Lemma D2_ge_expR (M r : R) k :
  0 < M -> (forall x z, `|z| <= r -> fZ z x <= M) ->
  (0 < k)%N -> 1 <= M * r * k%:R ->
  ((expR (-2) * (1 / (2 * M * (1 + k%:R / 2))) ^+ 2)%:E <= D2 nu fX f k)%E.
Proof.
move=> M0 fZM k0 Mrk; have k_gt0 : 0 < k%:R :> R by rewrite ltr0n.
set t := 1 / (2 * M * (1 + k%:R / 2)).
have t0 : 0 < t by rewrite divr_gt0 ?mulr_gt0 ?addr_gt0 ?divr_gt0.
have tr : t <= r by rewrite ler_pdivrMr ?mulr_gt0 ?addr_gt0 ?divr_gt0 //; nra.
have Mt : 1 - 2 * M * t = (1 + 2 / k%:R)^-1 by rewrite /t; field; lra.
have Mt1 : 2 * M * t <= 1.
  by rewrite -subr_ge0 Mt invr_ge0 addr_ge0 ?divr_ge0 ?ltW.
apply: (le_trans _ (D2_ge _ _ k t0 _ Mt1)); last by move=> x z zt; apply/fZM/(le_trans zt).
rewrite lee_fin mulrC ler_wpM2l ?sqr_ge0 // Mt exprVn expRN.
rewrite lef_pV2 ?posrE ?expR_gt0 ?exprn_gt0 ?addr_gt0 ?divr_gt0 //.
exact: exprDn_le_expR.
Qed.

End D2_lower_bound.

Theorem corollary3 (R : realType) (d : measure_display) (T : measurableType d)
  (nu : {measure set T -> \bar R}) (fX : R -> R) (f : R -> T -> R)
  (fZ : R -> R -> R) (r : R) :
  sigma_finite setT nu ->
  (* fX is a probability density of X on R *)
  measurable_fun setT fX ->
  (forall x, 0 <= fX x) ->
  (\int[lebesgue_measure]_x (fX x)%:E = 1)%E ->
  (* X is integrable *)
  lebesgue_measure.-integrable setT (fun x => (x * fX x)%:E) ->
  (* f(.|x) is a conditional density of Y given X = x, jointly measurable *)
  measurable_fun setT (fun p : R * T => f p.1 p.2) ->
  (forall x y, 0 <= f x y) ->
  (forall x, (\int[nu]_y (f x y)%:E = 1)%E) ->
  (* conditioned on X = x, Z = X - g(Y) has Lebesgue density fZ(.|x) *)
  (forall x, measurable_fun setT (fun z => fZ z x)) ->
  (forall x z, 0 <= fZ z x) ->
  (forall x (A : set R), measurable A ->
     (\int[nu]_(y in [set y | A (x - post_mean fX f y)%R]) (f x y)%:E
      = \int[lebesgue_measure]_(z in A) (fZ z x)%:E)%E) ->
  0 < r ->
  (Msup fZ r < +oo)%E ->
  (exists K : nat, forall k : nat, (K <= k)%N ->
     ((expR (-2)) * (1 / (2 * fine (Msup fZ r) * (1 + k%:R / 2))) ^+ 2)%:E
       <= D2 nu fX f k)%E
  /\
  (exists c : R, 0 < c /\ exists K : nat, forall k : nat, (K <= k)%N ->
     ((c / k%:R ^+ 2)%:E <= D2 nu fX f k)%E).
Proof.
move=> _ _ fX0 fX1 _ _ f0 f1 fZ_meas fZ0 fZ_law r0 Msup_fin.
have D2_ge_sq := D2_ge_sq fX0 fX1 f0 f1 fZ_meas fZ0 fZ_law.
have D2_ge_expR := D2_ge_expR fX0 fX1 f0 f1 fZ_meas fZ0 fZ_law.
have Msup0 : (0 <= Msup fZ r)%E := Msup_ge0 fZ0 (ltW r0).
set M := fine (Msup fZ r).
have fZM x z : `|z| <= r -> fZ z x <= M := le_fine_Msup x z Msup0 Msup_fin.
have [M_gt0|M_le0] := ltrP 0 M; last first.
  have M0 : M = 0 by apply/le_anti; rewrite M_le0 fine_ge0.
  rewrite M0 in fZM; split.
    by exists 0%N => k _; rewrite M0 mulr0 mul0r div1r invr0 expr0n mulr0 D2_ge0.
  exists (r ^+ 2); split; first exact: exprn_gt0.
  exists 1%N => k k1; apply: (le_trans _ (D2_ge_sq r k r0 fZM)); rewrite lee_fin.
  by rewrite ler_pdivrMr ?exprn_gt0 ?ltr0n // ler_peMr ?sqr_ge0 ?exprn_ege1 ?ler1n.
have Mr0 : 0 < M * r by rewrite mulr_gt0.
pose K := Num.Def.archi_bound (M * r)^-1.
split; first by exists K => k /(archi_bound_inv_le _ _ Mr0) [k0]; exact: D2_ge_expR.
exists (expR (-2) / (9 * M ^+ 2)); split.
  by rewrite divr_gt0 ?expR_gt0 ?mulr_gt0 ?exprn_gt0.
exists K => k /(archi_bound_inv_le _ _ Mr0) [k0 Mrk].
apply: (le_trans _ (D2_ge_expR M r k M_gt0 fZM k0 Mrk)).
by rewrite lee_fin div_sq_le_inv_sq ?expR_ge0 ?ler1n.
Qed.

* * * * * * * * *

### DESCRIPTION OF THE TASK
Reproduce every record above exactly.

### TASK ANSWER
Lemma D2_ge_expR (M r : R) k :
  0 < M -> (forall x z, `|z| <= r -> fZ z x <= M) ->
  (0 < k)%N -> 1 <= M * r * k%:R ->
  ((expR (-2) * (1 / (2 * M * (1 + k%:R / 2))) ^+ 2)%:E <= D2 nu fX f k)%E.
Proof.
move=> M0 fZM k0 Mrk; have k_gt0 : 0 < k%:R :> R by rewrite ltr0n.
set t := 1 / (2 * M * (1 + k%:R / 2)).
have t0 : 0 < t by rewrite divr_gt0 ?mulr_gt0 ?addr_gt0 ?divr_gt0.
have tr : t <= r by rewrite ler_pdivrMr ?mulr_gt0 ?addr_gt0 ?divr_gt0 //; nra.
have Mt : 1 - 2 * M * t = (1 + 2 / k%:R)^-1 by rewrite /t; field; lra.
have Mt1 : 2 * M * t <= 1.
  by rewrite -subr_ge0 Mt invr_ge0 addr_ge0 ?divr_ge0 ?ltW.
apply: (le_trans _ (D2_ge _ _ k t0 _ Mt1)); last by move=> x z zt; apply/fZM/(le_trans zt).
rewrite lee_fin mulrC ler_wpM2l ?sqr_ge0 // Mt exprVn expRN.
rewrite lef_pV2 ?posrE ?expR_gt0 ?exprn_gt0 ?addr_gt0 ?divr_gt0 //.
exact: exprDn_le_expR.
Qed.

End D2_lower_bound.

Theorem corollary3 (R : realType) (d : measure_display) (T : measurableType d)
  (nu : {measure set T -> \bar R}) (fX : R -> R) (f : R -> T -> R)
  (fZ : R -> R -> R) (r : R) :
  sigma_finite setT nu ->
  (* fX is a probability density of X on R *)
  measurable_fun setT fX ->
  (forall x, 0 <= fX x) ->
  (\int[lebesgue_measure]_x (fX x)%:E = 1)%E ->
  (* X is integrable *)
  lebesgue_measure.-integrable setT (fun x => (x * fX x)%:E) ->
  (* f(.|x) is a conditional density of Y given X = x, jointly measurable *)
  measurable_fun setT (fun p : R * T => f p.1 p.2) ->
  (forall x y, 0 <= f x y) ->
  (forall x, (\int[nu]_y (f x y)%:E = 1)%E) ->
  (* conditioned on X = x, Z = X - g(Y) has Lebesgue density fZ(.|x) *)
  (forall x, measurable_fun setT (fun z => fZ z x)) ->
  (forall x z, 0 <= fZ z x) ->
  (forall x (A : set R), measurable A ->
     (\int[nu]_(y in [set y | A (x - post_mean fX f y)%R]) (f x y)%:E
      = \int[lebesgue_measure]_(z in A) (fZ z x)%:E)%E) ->
  0 < r ->
  (Msup fZ r < +oo)%E ->
  (exists K : nat, forall k : nat, (K <= k)%N ->
     ((expR (-2)) * (1 / (2 * fine (Msup fZ r) * (1 + k%:R / 2))) ^+ 2)%:E
       <= D2 nu fX f k)%E
  /\
  (exists c : R, 0 < c /\ exists K : nat, forall k : nat, (K <= k)%N ->
     ((c / k%:R ^+ 2)%:E <= D2 nu fX f k)%E).
Proof.
move=> _ _ fX0 fX1 _ _ f0 f1 fZ_meas fZ0 fZ_law r0 Msup_fin.
have D2_ge_sq := D2_ge_sq fX0 fX1 f0 f1 fZ_meas fZ0 fZ_law.
have D2_ge_expR := D2_ge_expR fX0 fX1 f0 f1 fZ_meas fZ0 fZ_law.
have Msup0 : (0 <= Msup fZ r)%E := Msup_ge0 fZ0 (ltW r0).
set M := fine (Msup fZ r).
have fZM x z : `|z| <= r -> fZ z x <= M := le_fine_Msup x z Msup0 Msup_fin.
have [M_gt0|M_le0] := ltrP 0 M; last first.
  have M0 : M = 0 by apply/le_anti; rewrite M_le0 fine_ge0.
  rewrite M0 in fZM; split.
    by exists 0%N => k _; rewrite M0 mulr0 mul0r div1r invr0 expr0n mulr0 D2_ge0.
  exists (r ^+ 2); split; first exact: exprn_gt0.
  exists 1%N => k k1; apply: (le_trans _ (D2_ge_sq r k r0 fZM)); rewrite lee_fin.
  by rewrite ler_pdivrMr ?exprn_gt0 ?ltr0n // ler_peMr ?sqr_ge0 ?exprn_ege1 ?ler1n.
have Mr0 : 0 < M * r by rewrite mulr_gt0.
pose K := Num.Def.archi_bound (M * r)^-1.
split; first by exists K => k /(archi_bound_inv_le _ _ Mr0) [k0]; exact: D2_ge_expR.
exists (expR (-2) / (9 * M ^+ 2)); split.
  by rewrite divr_gt0 ?expR_gt0 ?mulr_gt0 ?exprn_gt0.
exists K => k /(archi_bound_inv_le _ _ Mr0) [k0 Mrk].
apply: (le_trans _ (D2_ge_expR M r k M_gt0 fZM k0 Mrk)).
by rewrite lee_fin div_sq_le_inv_sq ?expR_ge0 ?ler1n.
Qed.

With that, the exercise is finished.